Health & Wellness / Lifestyle

Health Promotion: A Conceptual Description

Health promotion is defined as "any combination of educational, organizational, economic and environmental supports for behavior and conditions of living conducive to health."1 Health promotion involves the process of enabling people to increase control over and improve their health. It entails a commitment to dealing with the challenges of reducing inequities, extending the scope of prevention and helping people to cope with their circumstances. It also encompasses creating environments conducive to health, in which people are able to take better care of themselves.2

Individual and community health behavior are key components of health promotion. Five levels of influence for health-related behaviors and conditions identified are:

  1. interpersonal factors such as characteristics of the individual (e.g., knowledge, attitudes, behavior, self concept, and skills);
  2. intrapersonal or individual factors (formal and informal social network and social support systems, including the family, work group);
  3. institutional or organiz- ational factors;
  4. community factors; and
  5. public policy factors.

Another key idea relates to the possibility of "reciprocal causation" between individuals and their environments, meaning that behavior influences and is influenced by the social environment. Areas of one's lifestyle that health promotion programs address and mediate include, but are not limited to, the following:

  • physical activity
  • tobacco use
  • alcohol-related problems
  • drug/substance abuse
  • injury, violence, accident prevention
  • overweight and obesity
  • environmental quality
  • responsible sexual behavior (e.g., family planning)
  • mental health
  • access to health care
  • prevention of diseases

Personal factors, such as genetic, physiological, psychological and demographic variables; environmental factors, such as hazards encountered at work, in the community, at home and during recreation; and societal factors, such as cultural and socioeconomic variables, are the base of these problems and also the targets for intervention.

Interventions designed to reduce behavioral risk factors and their consequences can be community-based, work-site-based, based in health care settings, or school-based. Often, the primary care provider works with the patient individually to develop a plan that involves a number of interventions. Of primary importance are behavior change and the initiative on behalf of the patient to take responsibility for his or her own actions and lifestyle behaviors.

Patients must internalize the belief that modifying personal health behaviors will reduce their risk of disease and injury. Making and sustaining changes in health behavior that require acknowledging the need for change is a crucial component. For this reason, patient education and counseling are vital in preventive care and health promotion interventions.

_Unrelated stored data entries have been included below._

(* Shifting [b] to the origin makes the constant coefficient [p b = 0]. *)
Lemma poly_size_le_factor_root k p b :
  poly_size_le (S k) p -> p b = 0 ->
  exists q, poly_size_le k q /\ forall y, p y = (y - b) * q y.
Proof.
  intros Hp Hb.
  destruct (poly_size_leS_inv _ _ (poly_size_le_shift _ _ b Hp)) as [a [r [Hr Er]]].
  exists (fun y => r (y + - b)); split; [apply poly_size_le_shift, Hr|].
  assert (Ha : a = 0) by (specialize (Er 0); rewrite Rplus_0_l, Hb in Er; lra).
  intros y; specialize (Er (y - b)); replace (y - b + b) with y in Er by ring.
  rewrite Er, Ha; unfold Rminus; ring.
Qed.

Lemma poly_size_le_roots_eq0 (pts : list R) p :
  NoDup pts -> poly_size_le (length pts) p -> (forall x, In x pts -> p x = 0) ->
  forall y, p y = 0.
Proof.
  revert p; induction pts as [|b pts IH]; intros p Hnd Hp Hz y.
  - exact (poly_size_le0 p Hp y).
  - apply NoDup_cons_iff in Hnd as [Hb Hnd].
    destruct (poly_size_le_factor_root _ p b Hp (Hz b (or_introl eq_refl))) as [q [Hq Eq]].
    rewrite Eq, (IH q Hnd Hq); [ring|].
    intros x Hx; specialize (Hz x (or_intror Hx)); rewrite Eq in Hz.
    destruct (Rmult_integral _ _ Hz) as [Hxb|]; [|assumption].
    exfalso; apply Hb; replace b with x by lra; exact Hx.
Qed.

Lemma poly_interpolation (pts : list R) (phi : R -> R) :
  NoDup pts -> exists p, poly_size_le (length pts) p /\ forall x, In x pts -> p x = phi x.
Proof.
  revert phi; induction pts as [|b pts IH]; intros phi Hnd.
  - exists (fun _ => 0); split; [apply poly_size_le_zero | intros x []].
  - apply NoDup_cons_iff in Hnd as [Hb Hnd].
    destruct (IH (fun x => (phi x - phi b) / (x - b)) Hnd) as [q [Hq Eq]].
    exists (fun y => phi b + (y - b) * q y); split.
    + apply (poly_size_le_ext _ (fun y => (phi b + y * q y) + (- b) * q y)); [intros; ring|].
      apply poly_size_le_add; [apply poly_size_le_horner, Hq|].
      apply (poly_size_le_widen (length pts)); [simpl; lia | apply poly_size_le_scale, Hq].
    + intros x [<-|Hx]; [ring|].
      assert (x - b <> 0) by (intro; apply Hb; replace b with x by lra; exact Hx).
      rewrite Eq by exact Hx; field; assumption.
Qed.

Lemma poly_size_le_continuity_pt k p y : poly_size_le k p -> continuity_pt p y.
Proof.
  intros [c [_ Ep]].
  replace p with (poly_eval c) by (extensionality z; symmetry; apply Ep).
  clear Ep; induction c as [|a c IH]; simpl.
  - apply continuity_pt_const; intros u v; reflexivity.
  - apply (continuity_pt_plus (fct_cte a) (mult_fct id (poly_eval c))).
    + apply continuity_pt_const; intros u v; reflexivity.
    + apply continuity_pt_mult; [apply derivable_continuous_pt, derivable_pt_id | exact IH].
Qed.

Definition fdiff (d : R) (F : R -> R) (y : R) : R := F (y + d) - F y.

Fixpoint fdiff_iter (m : nat) (d : R) (F : R -> R) : R -> R :=
  match m with O => F | S m => fdiff_iter m d (fdiff d F) end.

Lemma fdiff_iter_scale m d a F y :
  fdiff_iter m d (fun v => a * F v) y = a * fdiff_iter m d F y.
Proof.
  revert F; induction m as [|m IH]; intros F; simpl; [reflexivity|].
  rewrite <- IH; f_equal; extensionality v; unfold fdiff; ring.
Qed.

Lemma fdiff_iter_sub m d F G y :
  fdiff_iter m d (fun v => F v - G v) y = fdiff_iter m d F y - fdiff_iter m d G y.
Proof.
  revert F G; induction m as [|m IH]; intros F G; simpl; [reflexivity|].
  rewrite <- IH; f_equal; extensionality v; unfold fdiff; ring.
Qed.

Lemma poly_size_le_fdiff k p d : poly_size_le (S k) p -> poly_size_le k (fdiff d p).
Proof.
  revert p; induction k as [|k IH]; intros p Hp;
    destruct (poly_size_leS_inv _ _ Hp) as [a [r [Hr Ep]]]; unfold fdiff.
  - apply (poly_size_le_ext _ (fun _ => 0)); [|apply poly_size_le_zero].
    intros y; rewrite !Ep, !(poly_size_le0 r Hr); ring.
  - apply (poly_size_le_ext _ (fun y => d * r (y + d) + (0 + y * fdiff d r y))).
    + intros y; rewrite !Ep; unfold fdiff; ring.
    + apply poly_size_le_add; [apply poly_size_le_scale, poly_size_le_shift, Hr|].
      apply poly_size_le_horner, IH, Hr.
Qed.

Lemma fdiff_iter_poly m d p y : poly_size_le m p -> fdiff_iter m d p y = 0.
Proof.
  revert p; induction m as [|m IH]; intros p Hp; simpl.
  - exact (poly_size_le0 p Hp y).
  - apply IH, poly_size_le_fdiff, Hp.
Qed.

Definition fdiff_vanish_on (m : nat) (a b : R) (F : R -> R) : Prop :=
  forall d y, 0 < d -> a <= y -> y + INR m * d <= b -> fdiff_iter m d F y = 0.

Lemma fdiff_vanish_on_sub_poly m a b F p :
  fdiff_vanish_on m a b F -> poly_size_le m p -> fdiff_vanish_on m a b (fun y => F y - p y).
Proof.
  intros HF Hp d y Hd Ha Hb.
  rewrite fdiff_iter_sub, (HF d y Hd Ha Hb), fdiff_iter_poly by exact Hp; ring.
Qed.

Lemma fdiff_iter_vanish_grid m phi a b d :
  0 < d ->
  (forall y, a <= y -> y + INR m * d <= b -> fdiff_iter m d phi y = 0) ->
  (forall k, (k < m)%nat -> phi (a + INR k * d) = 0) ->
  forall k, a + INR k * d <= b -> phi (a + INR k * d) = 0.
Proof.
  revert phi b; induction m as [|m IH]; intros phi b Hd Hdiff Hz k Hk.
  - apply Hdiff; [pose proof (pos_INR k); nra | simpl; lra].
  - assert (Hnext : forall k, a + INR k * d <= b - d -> fdiff d phi (a + INR k * d) = 0).
    { apply IH; [exact Hd | |].
      - intros y Ha Hb; apply Hdiff; [exact Ha | rewrite S_INR; lra].
      - intros k0 Hk0; unfold fdiff.
        replace (a + INR k0 * d + d) with (a + INR (S k0) * d) by (rewrite S_INR; ring).
        rewrite (Hz (S k0)), (Hz k0) by lia; ring. }
    induction k as [|k IHk]; [apply Hz; lia|].
    rewrite S_INR in Hk |- *.
    specialize (Hnext k ltac:(lra)); unfold fdiff in Hnext.
    replace (a + (INR k + 1) * d) with (a + INR k * d + d) by ring.
    rewrite IHk in Hnext by lra; lra.
Qed.

Definition grid_nodes (a e : R) (m : nat) : list R :=
  map (fun k => a + INR k * e) (seq 0 m).

Lemma grid_nodes_NoDup a e m : 0 < e -> NoDup (grid_nodes a e m).
Proof.
  intros He; apply Injective_map_NoDup; [|apply seq_NoDup].
  intros k1 k2 E; apply INR_eq, (Rmult_eq_reg_r e); lra.
Qed.

Lemma length_grid_nodes a e m : length (grid_nodes a e m) = m.
Proof. unfold grid_nodes; rewrite length_map, length_seq; reflexivity. Qed.

Lemma In_grid_nodes a e m x :
  In x (grid_nodes a e m) <-> exists k, (k < m)%nat /\ x = a + INR k * e.
Proof.
  unfold grid_nodes; rewrite in_map_iff; split.
  - intros [k [<- Hk]]; apply in_seq in Hk; exists k; split; [lia | reflexivity].
  - intros [k [Hk ->]]; exists k; split; [reflexivity | apply in_seq; lia].
Qed.

(* Interpolating [phi] on the fine grid gives a [q] with [phi = q] on the whole fine
   grid; the coarse nodes lie on it, so [q] has [m] roots and is zero. *)
Lemma fdiff_vanish_refined_grid m phi a b d0 :
  0 < d0 -> a + INR m * d0 <= b -> fdiff_vanish_on m a b phi ->
  (forall k, (k < m)%nat -> phi (a + INR k * d0) = 0) ->
  forall N k, (0 < N)%nat -> a + INR k * (d0 / INR N) <= b ->
    phi (a + INR k * (d0 / INR N)) = 0.
Proof.
  intros Hd0 Hb Hphi Hz N k HN Hk.
  assert (HNr : 0 < INR N) by (apply lt_0_INR; exact HN).
  set (e := d0 / INR N); assert (He : 0 < e) by (apply Rdiv_lt_0_compat; assumption).
  destruct (poly_interpolation (grid_nodes a e m) phi (grid_nodes_NoDup a e m He))
    as [q [Hq Eq]]; rewrite length_grid_nodes in Hq.
  assert (Hfine : forall k, a + INR k * e <= b -> phi (a + INR k * e) - q (a + INR k * e) = 0).
  { apply (fdiff_iter_vanish_grid m (fun v => phi v - q v) a b e He).
    - intros y Ha Hy; apply (fdiff_vanish_on_sub_poly m a b phi q Hphi Hq); assumption.
    - intros k0 Hk0; rewrite Eq by (apply In_grid_nodes; exists k0; auto); ring. }
  assert (Hq0 : forall y, q y = 0).
  { apply (poly_size_le_roots_eq0 (grid_nodes a d0 m)); [apply grid_nodes_NoDup, Hd0 | |].
    - rewrite length_grid_nodes; exact Hq.
    - intros x Hx; apply In_grid_nodes in Hx as [k0 [Hk0 ->]].
      assert (Ecoarse : a + INR k0 * d0 = a + INR (k0 * N) * e)
        by (unfold e; rewrite mult_INR; field; lra).
      assert (Hle : a + INR k0 * d0 <= b).
      { apply lt_INR in Hk0; pose proof (pos_INR k0); nra. }
      specialize (Hfine (k0 * N)%nat ltac:(rewrite <- Ecoarse; exact Hle)).
      rewrite <- Ecoarse, (Hz k0 Hk0) in Hfine; lra. }
  specialize (Hfine k Hk); rewrite Hq0 in Hfine; lra.
Qed.

Lemma nat_floor_exists x : 0 <= x -> exists k : nat, INR k <= x < INR k + 1.
Proof.
  intros Hx; destruct (archimed x) as [Hup1 Hup2].
  assert (Hpos : (0 < up x)%Z) by (apply lt_IZR; lra).
  exists (Z.to_nat (up x - 1)); rewrite INR_IZR_INZ, Z2Nat.id by lia.
  rewrite minus_IZR; lra.
Qed.

Lemma refined_grid_approx a d0 y alpha :
  0 < d0 -> a <= y -> 0 < alpha ->
  exists N k, (0 < N)%nat /\ a + INR k * (d0 / INR N) <= y /\
              y - (a + INR k * (d0 / INR N)) < alpha.
Proof.
  intros Hd0 Hy Halpha.
  destruct (nat_floor_exists (d0 / alpha)) as [n [_ Hn]];
    [apply Rlt_le, Rdiv_lt_0_compat; assumption|].
  assert (HN : 0 < INR (S n)) by (apply lt_0_INR; lia).
  set (e := d0 / INR (S n)).
  assert (He : 0 < e) by (apply Rdiv_lt_0_compat; assumption).
  assert (Hea : e < alpha).
  { unfold e; rewrite S_INR in *; apply Rmult_lt_reg_r with (INR n + 1); [lra|].
    unfold Rdiv; rewrite Rmult_assoc, Rinv_l by lra.
    apply (Rmult_lt_compat_r alpha) in Hn; [|lra].
    unfold Rdiv in Hn; rewrite Rmult_assoc, Rinv_l in Hn by lra; lra. }
  destruct (nat_floor_exists ((y - a) / e)) as [k [Hk1 Hk2]];
    [apply Rmult_le_pos; [lra | apply Rlt_le, Rinv_0_lt_compat, He]|].
  assert (Hye : (y - a) / e * e = y - a) by (field; lra).
  exists (S n), k; split; [lia|]; fold e; split; nra.
Qed.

Setting realistic goals, developing workable plans and implementing strategies for timely monitoring of the progress and for making needed changes in the patient's plan are important. Primary care providers should be skilled in how to select and use systems and resources for supporting patients' efforts and working with patients to monitor their progress. There must be a mechanism for follow-up.

Disease prevention, another component of health promotion, encompasses primary, secondary and tertiary prevention. Primary preventive measures involve entirely asymptomatic individuals (e.g., annual routine Pap smear). Secondary preventive measures identify and treat asymptomatic persons who have already developed risk factors or preclinical disease (e.g., obtaining a Pap smear to detect cervical dysplasia).

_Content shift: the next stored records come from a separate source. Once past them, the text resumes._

(* Let $\mathbf{C}=\mathbf{C}_1\,\dot\cup\,\mathbf{C}_2$ (disjoint union), and let $\mathbf{B}\in\dot{\mathbb{P}}(\mathbb{L}(\mathbf{C}_1))$ with $|\mathbf{B}|=|\mathbf{C}_1|$. Then $\mathbf{B}$ is irreducible for $\mathcal{D}(\mathbf{C},\Omega)$ if and only if there exist $\omega^*\in\Omega$ and values $\mathbf{c}_2^*$ for $\mathbf{C}_2$ such that (i) $D_{\mathbf{B}=\mathbf{1},\mathbf{C}_2=\mathbf{c}_2^*}(\omega^* )=1$, and (ii) for every $L\in\mathbf{B}$, $D_{\mathbf{B}\setminus\{L\}=\mathbf{1},L=0,\mathbf{C}_2=\mathbf{c}_2^*}(\omega^* )=0$.
   Context: An event is a binary random variable on a population $\Omega$ of individuals $\omega$; $\overline{X}=1-X$. For a finite set $\mathbf{C}$ of events (causes), $\mathbb{L}(\mathbf{C})=\mathbf{C}\cup\{\overline{X}:X\in\mathbf{C}\}$, and $\dot{\mathbb{P}}(\mathbb{L}(\mathbf{C}))$ is the set of subsets of $\mathbb{L}(\mathbf{C})$ not containing both $X$ and $\overline{X}$ for any $X$. $(L)_{\mathbf{c}}$ is the value of literal $L$ under assignment $\mathbf{c}$, and $\bigwedge(\mathbf{B})=\min_{L\in\mathbf{B}}L$. The potential outcomes $\mathcal{D}(\mathbf{C},\Omega)$ are values $D_{\mathbf{c}}(\omega)\in\{0,1\}$ for every $\omega\in\Omega$ and every assignment $\mathbf{c}$ to $\mathbf{C}$. If $\mathbf{B}\in\dot{\mathbb{P}}(\mathbb{L}(\mathbf{C}_1))$ has $|\mathbf{B}|=|\mathbf{C}_1|$ (exactly one literal per variable of $\mathbf{C}_1$), an assignment of values to the literals of $\mathbf{B}$ determines an assignment to $\mathbf{C}_1$; thus e.g. $D_{\mathbf{B}=\mathbf{1},\mathbf{C}_2=\mathbf{c}_2}(\omega)$ denotes the potential outcome when all literals in $\mathbf{B}$ are set to 1 and $\mathbf{C}_2$ to $\mathbf{c}_2$, and $D_{\mathbf{B}\setminus\{L\}=\mathbf{1},L=0,\mathbf{C}_2=\mathbf{c}_2}(\omega)$ the one where $L$ is set to 0 and the other literals of $\mathbf{B}$ to 1. A sufficient cause representation $(\mathbf{A},\mathfrak{B})$ for $\mathcal{D}(\mathbf{C},\Omega)$ is a tuple $\mathbf{A}=\langle A_1,\dots,A_p\rangle$ of binary random variables on $\Omega$ unaffected by interventions on $\mathbf{C}$ and a tuple $\mathfrak{B}=\langle\mathbf{B}_1,\dots,\mathbf{B}_p\rangle$, $\mathbf{B}_i\in\dot{\mathbb{P}}(\mathbb{L}(\mathbf{C}))$, such that for all $\omega,\mathbf{c}$: $D_{\mathbf{c}}(\omega)=1$ iff some $j$ has $A_j(\omega)=1$ and $(\bigwedge(\mathbf{B}_j))_{\mathbf{c}}=1$. A set $\mathbf{B}\in\dot{\mathbb{P}}(\mathbb{L}(\mathbf{C}))$ is irreducible for $\mathcal{D}(\mathbf{C},\Omega)$ if in every sufficient cause representation $(\mathbf{A},\mathfrak{B})$ for $\mathcal{D}(\mathbf{C},\Omega)$ there is some $\mathbf{B}_i\in\mathfrak{B}$ with $\mathbf{B}\subseteq\mathbf{B}_i$. *)

From mathcomp Require Import all_boot.
Set Implicit Arguments. Unset Strict Implicit. Unset Printing Implicit Defensive.

(* Causes: the elements of a finite type V (the set C).
   A literal is a pair (X, b): (X, true) is the literal X, (X, false) is X-bar.
   Potential outcomes D(C, Omega): D w c = D_c(w). *)

Definition literal (V : finType) := (V * bool)%type.

Definition litval (V : finType) (L : literal V) (c : {ffun V -> bool}) : bool :=
  if L.2 then c L.1 else ~~ c L.1.

Definition conjB (V : finType) (B : {set literal V}) (c : {ffun V -> bool}) : bool :=
  [forall L in B, litval L c].

Definition dotP (V : finType) (C1 : {set V}) (B : {set literal V}) : Prop :=
  (forall L, L \in B -> L.1 \in C1) /\
  (forall X : V, ~ ((X, true) \in B /\ (X, false) \in B)).

Definition is_scr (Omega : Type) (V : finType)
    (D : Omega -> {ffun V -> bool} -> bool)
    (p : nat) (A : 'I_p -> Omega -> bool) (Bs : 'I_p -> {set literal V}) : Prop :=
  (forall i, dotP [set: V] (Bs i)) /\
  (forall w c, D w c = [exists j, A j w && conjB (Bs j) c]).

Definition irreducible (Omega : Type) (V : finType)
    (D : Omega -> {ffun V -> bool} -> bool) (B : {set literal V}) : Prop :=
  forall p A Bs, @is_scr Omega V D p A Bs -> exists i, B \subset Bs i.

(* With S having one literal per variable of C1 and c2 only read on
   C2 = V \ C1, setlits B c2 is the intervention "B = 1, C2 = c2". *)
Definition setlits (V : finType) (S : {set literal V}) (c2 : {ffun V -> bool})
  : {ffun V -> bool} :=
  [ffun X => if (X, true) \in S then true
             else if (X, false) \in S then false else c2 X].

(* complement literal Lbar, so "L = 0" is "Lbar = 1" *)
Definition negLit (V : finType) (L : literal V) : literal V := (L.1, ~~ L.2).

From mathcomp Require Import all_boot.
From Stdlib Require Import Classical.
Set Implicit Arguments. Unset Strict Implicit. Unset Printing Implicit Defensive.

(* Call (w, c) a critical witness for B when c makes every literal of B true,
   D_c(w) = 1, and flipping the variable of any single literal of B turns the
   outcome off.  The theorem splits into three facts:
   - a critical witness forces irreducibility: the term of any representation
     that fires at (w, c) cannot miss a literal L of B, for otherwise it would
     still fire after flipping L, contradicting criticality;
   - conversely, without a critical witness D has an explicit representation
     none of whose conjunctions contains B: the full minterms of the
     assignments violating B, plus, for every assignment c satisfying B with
     D_c(w) = 1, its minterm with the variable of an "escaping" literal of B
     deleted (classical logic supplies the escaping literals);
   - the interventions "B = 1, C2 = c2" and "L = 0, B \ {L} = 1, C2 = c2" of
     the statement are exactly an assignment satisfying B and its flip at the
     variable of L, so the witness of the statement is a critical witness. *)

Definition lits (V : finType) (c : {ffun V -> bool}) : {set literal V} :=
  [set L : literal V | L.2 == c L.1].

Definition flip (V : finType) (c : {ffun V -> bool}) (X : V) : {ffun V -> bool} :=
  [ffun Y => if Y == X then ~~ c X else c Y].

Section Minterms.
Variable V : finType.
Implicit Types (c : {ffun V -> bool}) (S : {set literal V}) (X : V).

Lemma litvalE (L : literal V) c : litval L c = (L.2 == c L.1).
Proof. by case: L => X [] /=; rewrite /litval /=; case: (c X). Qed.

Lemma flip_at c X : flip c X X = ~~ c X.
Proof. by rewrite ffunE eqxx. Qed.

Lemma flip_off c X Y : Y != X -> flip c X Y = c Y.
Proof. by rewrite ffunE => /negbTE ->. Qed.

Lemma dotP_sub_lits S c : S \subset lits c -> dotP [set: V] S.
Proof.
move=> /subsetP Sc; split=> [L _|X [/Sc XT /Sc XF]]; first by rewrite inE.
by move: XT XF; rewrite !inE /= => /eqP <- /eqP.
Qed.

Lemma conjB_sub_lits S c : S \subset lits c -> conjB S c.
Proof.
move=> /subsetP Sc; apply/forallP => L; apply/implyP => /Sc.
by rewrite inE litvalE.
Qed.

Lemma conjB_lits c c' : conjB (lits c) c' -> c' = c.
Proof.
move=> /forallP Hc; apply/ffunP => X.
by have := Hc (X, c X); rewrite inE eqxx litvalE /= => /eqP.
Qed.

Lemma conjB_lits_drop c c' X :
  conjB (lits c :\ (X, c X)) c' -> c' = c \/ c' = flip c X.
Proof.
move=> /forallP Hc.
have agree Y : Y != X -> c' Y = c Y.
  move=> nYX; have := Hc (Y, c Y); rewrite !inE /= eqxx andbT litvalE /=.
  have -> : (Y, c Y) != (X, c X) by apply: contra nYX => /eqP [->].
  by move=> /eqP.
have [eX|nX] := eqVneq (c' X) (c X).
  left; apply/ffunP => Y; have [->|nYX] := eqVneq Y X; first exact: eX.
  exact: agree.
right; apply/ffunP => Y; have [->|nYX] := eqVneq Y X.
  by rewrite flip_at; move: nX; case: (c' X); case: (c X).
by rewrite flip_off // agree.
Qed.

(* A conjunction true at c that avoids the literal (X, c X) mentions no
   literal on X, so it stays true when X is flipped. *)
Lemma conjB_flip S c X :
  conjB S c -> (X, c X) \notin S -> conjB S (flip c X).
Proof.
move=> /forallP Sc nXS; apply/forallP => L; apply/implyP => LS.
have := implyP (Sc L) LS; rewrite !litvalE.
case: (eqVneq L.1 X) => [eLX|nLX]; last by rewrite flip_off.
move=> /eqP eL2; move: LS nXS; rewrite -eLX -eL2.
by case: (L) => ? ? ->.
Qed.

End Minterms.

Section Irreducibility.
Variables (Omega : Type) (V : finType) (D : Omega -> {ffun V -> bool} -> bool).
Variable B : {set literal V}.

Definition critical (w : Omega) (c : {ffun V -> bool}) : Prop :=
  [/\ B \subset lits c, D w c & forall L, L \in B -> ~~ D w (flip c L.1)].

Lemma irreducible_of_critical w c : critical w c -> irreducible D B.
Proof.
move=> [Bc Dwc crit] p A Bs [_ repr].
move: Dwc; rewrite repr => /existsP [j /andP [Ajw Cjc]].
exists j; apply/subsetP => L LB; apply/negPn/negP => nLBj.
have eL : L = (L.1, c L.1).
  by move/subsetP: Bc => /(_ L LB); rewrite inE; case: L {LB nLBj} => X b /= /eqP ->.
have := crit L LB; rewrite repr => /existsP; apply; exists j.
by rewrite Ajw conjB_flip // -eL.
Qed.

Lemma irreducible_fin_terms (I : finType) (a : I -> Omega -> bool)
    (bs : I -> {set literal V}) :
  irreducible D B -> (forall i, dotP [set: V] (bs i)) ->
  (forall w c, D w c = [exists i, a i w && conjB (bs i) c]) ->
  exists i, B \subset bs i.
Proof.
move=> irr bs_ok repr.
have scr : is_scr D (fun j : 'I_#|I| => a (enum_val j)) (fun j => bs (enum_val j)).
  split=> [j|w c]; first exact: bs_ok.
  rewrite repr; apply/existsP/existsP => [[i Hi]|[j Hj]]; last by exists (enum_val j).
  by exists (enum_rank i); rewrite enum_rankK.
by have [j Bj] := irr _ _ _ scr; exists (enum_val j).
Qed.

Section NoCriticalWitness.
Hypothesis escape : forall w c, B \subset lits c -> D w c ->
  exists2 L, L \in B & D w (flip c L.1).

(* Terms of the representation: (c, None) for assignments violating B, and
   (c, Some L) for an escaping literal L of B. *)
Definition term_ok (t : {ffun V -> bool} * option (literal V)) : bool :=
  if t.2 is Some L then L \in B else ~~ (B \subset lits t.1).

Definition term := {t : {ffun V -> bool} * option (literal V) | term_ok t}.

Definition term_act (t : term) (w : Omega) : bool :=
  let: (c, o) := val t in
  if o is Some L then D w c && D w (flip c L.1) else D w c.

Definition term_lits (t : term) : {set literal V} :=
  let: (c, o) := val t in
  if o is Some L then lits c :\ (L.1, c L.1) else lits c.

Lemma term_lits_minterm (t : term) : term_lits t \subset lits (val t).1.
Proof. by rewrite /term_lits; case: (val t) => c [L|] /=; rewrite ?subsetDl. Qed.

Lemma term_repr w c : D w c = [exists t, term_act t w && conjB (term_lits t) c].
Proof.
apply/idP/existsP => [Dwc|[[[c' [L|]] ok]]]; rewrite /term_act /term_lits /=.
- have [Bc|nBc] := boolP (B \subset lits c).
    have [L LB DL] := escape Bc Dwc.
    exists (exist term_ok (c, Some L) LB); rewrite /= Dwc DL.
    by apply: conjB_sub_lits; rewrite subsetDl.
  exists (exist term_ok (c, None) nBc); rewrite /= Dwc.
  exact: conjB_sub_lits.
- by move=> /andP [/andP [D1 D2] /conjB_lits_drop [->|->]].
- by move=> /andP [D1 /conjB_lits ->].
Qed.

(* No term contains B: a minterm containing B satisfies B, and a dropped
   minterm lacks the escaping literal of B. *)
Lemma term_lits_miss (t : term) : ~~ (B \subset term_lits t).
Proof.
case: t => -[c [L|]] ok; rewrite /term_lits //=.
apply/negP => /subsetP /(_ L ok); rewrite !inE => /andP [/negP nL /eqP eL].
by apply: nL; rewrite -eL; case: (L).
Qed.

Lemma not_irreducible : ~ irreducible D B.
Proof.
move=> irr; have [t Bt] := irreducible_fin_terms irr
  (fun t => dotP_sub_lits (term_lits_minterm t)) term_repr.
by move: (term_lits_miss t); rewrite Bt.
Qed.

End NoCriticalWitness.

Lemma critical_of_irreducible : irreducible D B -> exists w c, critical w c.
Proof.
move=> irr; apply: NNPP => none; apply: (not_irreducible _ irr) => w c Bc Dwc.
apply: NNPP => stuck; apply: none; exists w, c; split=> // L LB.
by apply/negP => DL; apply: stuck; exists L.
Qed.

End Irreducibility.

Section Interventions.
Variables (V : finType) (C1 : {set V}) (B : {set literal V}).
Hypothesis hB : dotP C1 B.

Lemma setlits_at L c2 : L \in B -> setlits B c2 L.1 = L.2.
Proof.
case: L => X [] LB /=; rewrite ffunE LB //.
by case: ifP => // XT; case: (hB.2 X).
Qed.

Lemma setlits_minterm c2 : B \subset lits (setlits B c2).
Proof. by apply/subsetP => L LB; rewrite inE setlits_at. Qed.

Lemma setlits_id c : B \subset lits c -> setlits B c = c.
Proof.
move=> /subsetP Bc; apply/ffunP => X; rewrite ffunE.
case: ifP => [/Bc|_]; first by rewrite inE /= => /eqP.
by case: ifP => [/Bc|_] //; rewrite inE /= => /eqP.
Qed.

Lemma setlits_negLit L c2 : L \in B ->
  setlits ((B :\ L) :|: [set negLit L]) c2 = flip (setlits B c2) L.1.
Proof.
move=> LB; apply/ffunP => Y; rewrite [RHS]ffunE setlits_at //.
case: L LB => X b LB /=; rewrite ffunE /negLit /=.
case: (eqVneq Y X) => [->|nYX].
  by case: b LB => LB; rewrite !inE ?eqxx ?orbT //=; case: ifP => // /eqP [].
have other b' : ((Y, b') \in (B :\ (X, b)) :|: [set (X, ~~ b)]) = ((Y, b') \in B).
  rewrite !inE; have neq b'' : ((Y, b') == (X, b'')) = false.
    by apply/eqP => -[eYX]; rewrite eYX eqxx in nYX.
  by rewrite !neq orbF.
by rewrite !other ffunE.
Qed.

Lemma witness_critical (Omega : Type) (D : Omega -> {ffun V -> bool} -> bool) :
  (exists (w : Omega) (c2 : {ffun V -> bool}),
    D w (setlits B c2) = true /\
    (forall L, L \in B -> D w (setlits ((B :\ L) :|: [set negLit L]) c2) = false))
  <-> exists w c, critical D B w c.
Proof.
split=> [[w [c2 [D1 D0]]]|[w [c [Bc Dwc crit]]]].
  exists w, (setlits B c2); split; rewrite ?setlits_minterm // => L LB.
  by rewrite -setlits_negLit // D0.
exists w, c; rewrite setlits_id //; split=> // L LB.
by rewrite setlits_negLit // setlits_id //; apply/negbTE/crit.
Qed.

End Interventions.

Theorem mainTheorem2 (Omega : Type) (V : finType)
    (D : Omega -> {ffun V -> bool} -> bool)
    (C1 C2 : {set V})
    (hdisj : [disjoint C1 & C2]) (hcov : C1 :|: C2 = [set: V])
    (B : {set literal V}) (hB : dotP C1 B) (hcard : #|B| = #|C1|) :
  irreducible D B <->
  exists (w : Omega) (c2 : {ffun V -> bool}),
    D w (setlits B c2) = true /\
    (forall L, L \in B ->
       D w (setlits ((B :\ L) :|: [set negLit L]) c2) = false).
Proof.
rewrite (witness_critical hB D); split; first exact: critical_of_irreducible.
by move=> [w [c crit]]; exact: irreducible_of_critical crit.
Qed.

The scope of health promotion and disease prevention includes the control of communicable diseases, environmental protection, the modification of personal behaviors that affect health, and the prevention and/or reduction of the severity of noncommunicable diseases and chronic disabling conditions.

Health promotion also relates to the individual and/or population's level of health consciousness. There have been some favorable trends in the incidence of death and disability in the United States due to this increased awareness.

Health promotion is a ripe area for research. Social and behavioral research to expand our knowledge of risk-taking and risk-aversive behaviors; prevention of addictive behavior; and motivational factors necessary for adopting health-promoting behaviors are several examples of such research that we can become involved in.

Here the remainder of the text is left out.